RECORDS FOR THE TASK:
Lemma region_cycle_or_path : finite_set S -> (forall T, S T -> exists T', nb T T') ->
  (forall T, S T -> two_edges_N eps u T) \/
  (exists T1 T2, [/\ T1 <> T2, S T1 /\ S T2, two_edges_C eps u T1 /\ two_edges_C eps u T2,
      (forall T, S T -> two_edges_C eps u T -> T = T1 \/ T = T2) &
      (forall T, S T -> T <> T1 -> T <> T2 -> two_edges_N eps u T)]).
Proof.
have [[Stri _] _] := regS; move=> finS nbrs.
have leafC T : S T -> leaf nb S T <-> two_edges_C eps u T.
  by move=> ST; exact: (region_leafE ST (nbrs T ST)).
have N_of_not_leaf T : S T -> ~ leaf nb S T -> two_edges_N eps u T.
  move=> ST nl; apply: contrapT => /(two_edges_C_not_N u eps_gt0 (Stri _ ST)).
  by move/(leafC T ST).
have [[L [SL leafL]]|noleaf] := pselect (exists L, S L /\ leaf nb S L); last first.
  by left=> T ST; apply: N_of_not_leaf => // lT; apply: noleaf; exists T.
have [L' [SL' L'L leafL' leaves]] := path_leaves (@neighbours_sym _ _ _)
  (neighbours_irr eps_gt0) finS region_connected (neighbours_max_degree2 eps_gt0 u_sphere (S := S))
  SL leafL.
right; exists L, L'; split=> //.
- by move=> LL'; apply: L'L; rewrite LL'.
- by split; apply/leafC.
- by move=> T ST /(leafC T ST)/(leaves T ST).
- by move=> T ST TL TL'; apply: N_of_not_leaf => // /(leaves T ST) [].
Qed.
End Region.

Theorem lemma5p1 (R : realType) (eps : R) (Om : set (R * R))
  (u : latpt -> 'rV[R]_3) (S : set (set latpt)) :
  0 < eps -> open Om -> bounded_set Om ->
  SF eps Om u -> admissible_region eps u S ->
  exactly_one_of3
    (* (i) R is a single triangle of T_eps *)
    (exists T, is_triangle eps T /\ S = [set T])
    (* (ii) every triangle in R has two edges in N_eps(u) *)
    (forall T, S T -> two_edges_N eps u T)
    (* (iii) exactly two triangles in R have two edges in C_eps(u), all
       other triangles in R have two edges in N_eps(u) *)
    (exists T1 T2, [/\ T1 <> T2, S T1 /\ S T2,
        two_edges_C eps u T1 /\ two_edges_C eps u T2,
        (forall T, S T -> two_edges_C eps u T -> T = T1 \/ T = T2) &
        (forall T, S T -> T <> T1 -> T <> T2 -> two_edges_N eps u T)]).
Proof.
rewrite /exactly_one_of3 => eps_gt0 _ Om_bounded uSF regS; have [[Stri _] _] := regS.
have CnotN T : S T -> two_edges_C eps u T -> ~ two_edges_N eps u T.
  by move=> ST /(two_edges_C_not_N u eps_gt0 (Stri T ST)).
have [T0 ST0] := region_nonempty eps_gt0 regS.
have [[T1 n01]|iso] := pselect (exists T1, neighbours eps u T0 T1); last first.
  have eS := region_isolated regS ST0 iso.
  left; split; first by exists T0; split=> //; exact: Stri.
  split=> [/(_ T0 ST0)/(two_edges_N_neighbours u eps_gt0 (Stri _ ST0))|].
    by case=> T2 [_ [_ n2 _]]; apply: iso; exists T2.
  by case=> A [B [AB [SA SB] _ _ _]]; apply: AB; rewrite eS in SA SB; rewrite SA SB.
have nbrs := region_has_neighbours regS ST0 n01.
have notI : ~ exists T, is_triangle eps T /\ S = [set T].
  case=> T [_ eS]; have ST : S T by rewrite eS.
  have [T' nT] := nbrs T ST; exact: (region_single_isolated eps_gt0 regS eS nT).
have finS := sub_finite_set nbrs (finite_triangles_with_neighbour eps_gt0 Om_bounded uSF).
case: (region_cycle_or_path eps_gt0 regS uSF.1 finS nbrs) => [allN|iii].
  right; left; split=> //; split=> // -[A [_ [_ [SA _] [CA _] _ _]]].
  exact: (CnotN A SA CA (allN A SA)).
right; right; split=> //; split=> //; have [A [_ [_ [SA _] [CA _] _ _]]] := iii.
by move/(_ A SA); exact: (CnotN A SA CA).
Qed.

TASK BRIEF: Output only the lines from the one containing "have [T' nT]" through the end of the material, please, exactly as they appear.

ANSWER BOX:
  have [T' nT] := nbrs T ST; exact: (region_single_isolated eps_gt0 regS eS nT).
have finS := sub_finite_set nbrs (finite_triangles_with_neighbour eps_gt0 Om_bounded uSF).
case: (region_cycle_or_path eps_gt0 regS uSF.1 finS nbrs) => [allN|iii].
  right; left; split=> //; split=> // -[A [_ [_ [SA _] [CA _] _ _]]].
  exact: (CnotN A SA CA (allN A SA)).
right; right; split=> //; split=> //; have [A [_ [_ [SA _] [CA _] _ _]]] := iii.
by move/(_ A SA); exact: (CnotN A SA CA).
Qed.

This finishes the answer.